┌──

(* q forces "exists n in A with p^j_n in G for all j in the list":
   the set of such witnesses is dense below q. *)
Definition forces_meet (b : nat -> option nat) (h : nat -> nat) (q : cond) (A : nset) (ps : seq (nat -> cond)) : Prop :=
  forall r, isCond b h r -> leE r q ->
    exists r', [/\ isCond b h r', leE r' r &
      exists n, A n /\ forall j, j < size ps -> leE r' (nth (fun _ => r') ps j n)].

Definition uf_linked (b : nat -> option nat) (h : nat -> nat) (Q : cond -> Prop) : Prop :=
  forall D' : nset -> Prop, is_ultrafilter D' -> non_principal D' ->
  forall p : nat -> cond, (forall n, Q (p n)) ->
  exists q, isCond b h q /\ forall A, D' A -> forces_meet b h q A [:: p].

Definition sigma_uf_linked (b : nat -> option nat) (h : nat -> nat) : Prop :=
  exists Q : nat -> cond -> Prop,
    (forall p, isCond b h p <-> exists k, Q k p) /\ forall k, uf_linked b h (Q k).

From mathcomp Require Import all_boot zify.
From Stdlib Require Import Classical.

(* Let r extend q.  Since each D-limit is forced into the generic, r has a
   common extension (t, psi) below all of them, and, because h(i)/b(i) -> 0, t
   can be lengthened until b(i) > (m_r + sum_j m_j) h(i) beyond it.  As (t, psi)
   extends the D-limit of the j-th sequence, each new digit of t avoids the
   limit sets, hence avoids the sets of p^j_n for D-many n; pick such an n in A.
   The amalgam of (t, psi) with all the p^j_n (union of the side sets) is then a
   condition extending r and every p^j_n.  For sigma-uf-linkedness, the D-limit
   of a sequence in E(s,m) is again a condition (a D-limit of sets of size
   <= M has size <= M), so each of the countably many pieces E(s,m) is
   uf-linked. *)

Section Ultrafilter.

Context {D : nset -> Prop} (HD : is_ultrafilter D).

Lemma uf_setT : D (fun _ => True).
Proof. by case: HD. Qed.

Lemma uf_mono {A B : nset} : D A -> (forall n, A n -> B n) -> D B.
Proof. by case: HD => _ _ mono _ _; apply: mono. Qed.

Lemma uf_setI {A B : nset} : D A -> D B -> D (fun n => A n /\ B n).
Proof. by case: HD => _ _ _ capD _; apply: capD. Qed.

Lemma uf_setC {A : nset} : ~ D A -> D (fun n => ~ A n).
Proof. by case: HD => _ _ _ _ /(_ A) []. Qed.

Lemma uf_nonempty {A : nset} : D A -> exists n, A n.
Proof.
move=> DA; apply: NNPP => noA; case: HD => D0 _ _ _ _; apply: D0.
by apply: (uf_mono DA) => n An; apply: noA; exists n.
Qed.

Lemma uf_forall_lt (P : nat -> nset) K : (forall k, k < K -> D (P k)) ->
  D (fun n => forall k, k < K -> P k n).
Proof.
elim: K => [|K IH] DP; first by apply: (uf_mono uf_setT) => n _ k.
have DK := uf_setI (IH (fun k lt_kK => DP k (ltnW lt_kK))) (DP K (ltnSn K)).
apply: (uf_mono DK) => n [Pn PKn] k; rewrite ltnS leq_eqVlt => /predU1P[-> //|].
exact: Pn.
Qed.

Lemma uf_pigeonhole m (P : nat -> nset) :
  (forall n, exists2 c, c <= m & P c n) -> exists2 c, c <= m & D (P c).
Proof.
move=> colour; apply: NNPP => none.
have Dnone := uf_forall_lt (fun c n => ~ P c n) m.+1
  (fun c le_cm => uf_setC (fun DPc => none (ex_intro2 _ _ c le_cm DPc))).
have [n notP] := uf_nonempty Dnone; have [c le_cm Pcn] := colour n.
exact: notP c le_cm Pcn.
Qed.

Lemma uf_limit_size M (X : nset) (F : nat -> nset) : D X ->
  (forall n, X n -> exists l : seq nat, size l <= M /\ forall k, F n k -> k \in l) ->
  exists l : seq nat, size l <= M /\ forall k, D (fun n => F n k) -> k \in l.
Proof.
elim: M F => [|M IH] F DX smallF.
  exists [::]; split=> // k DFk; have [n [Xn Fnk]] := uf_nonempty (uf_setI DX DFk).
  by have [[|? ?] [// _ /(_ k Fnk)]] := smallF n Xn.
have [[k0 DFk0]|noLim] := classic (exists k0, D (fun n => F n k0)); last first.
  by exists [::]; split=> // k DFk; case: noLim; exists k.
pose F' n k := [/\ F n k0, F n k & k <> k0].
have smallF' n : X n -> exists l : seq nat, size l <= M /\ forall k, F' n k -> k \in l.
  move=> Xn; have [l [size_l Fl]] := smallF n Xn.
  have [Fnk0|] := classic (F n k0); last by exists [::]; split=> // k [].
  exists (rem k0 l); split; first by rewrite size_rem ?Fl // -subn1 leq_subLR add1n.
  by move=> k [_ Fnk /eqP neq_kk0]; apply: rem_mem => //; apply: Fl.
have [l [size_l F'l]] := IH F' DX smallF'.
exists (k0 :: l); split=> // k DFk; rewrite inE; apply/predU1P.
have [-> | neq_kk0] := eqVneq k k0; [by left | right].
apply: F'l; apply: (uf_mono (uf_setI DFk0 DFk)) => n [? ?].
by split=> //; apply/eqP.
Qed.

└──

_Task details_
Only the lines from the start of the material through the line containing "forall p : nat" should be repeated, and they should be repeated exactly.

_Written response_
(* q forces "exists n in A with p^j_n in G for all j in the list":
   the set of such witnesses is dense below q. *)
Definition forces_meet (b : nat -> option nat) (h : nat -> nat) (q : cond) (A : nset) (ps : seq (nat -> cond)) : Prop :=
  forall r, isCond b h r -> leE r q ->
    exists r', [/\ isCond b h r', leE r' r &
      exists n, A n /\ forall j, j < size ps -> leE r' (nth (fun _ => r') ps j n)].

Definition uf_linked (b : nat -> option nat) (h : nat -> nat) (Q : cond -> Prop) : Prop :=
  forall D' : nset -> Prop, is_ultrafilter D' -> non_principal D' ->
  forall p : nat -> cond, (forall n, Q (p n)) ->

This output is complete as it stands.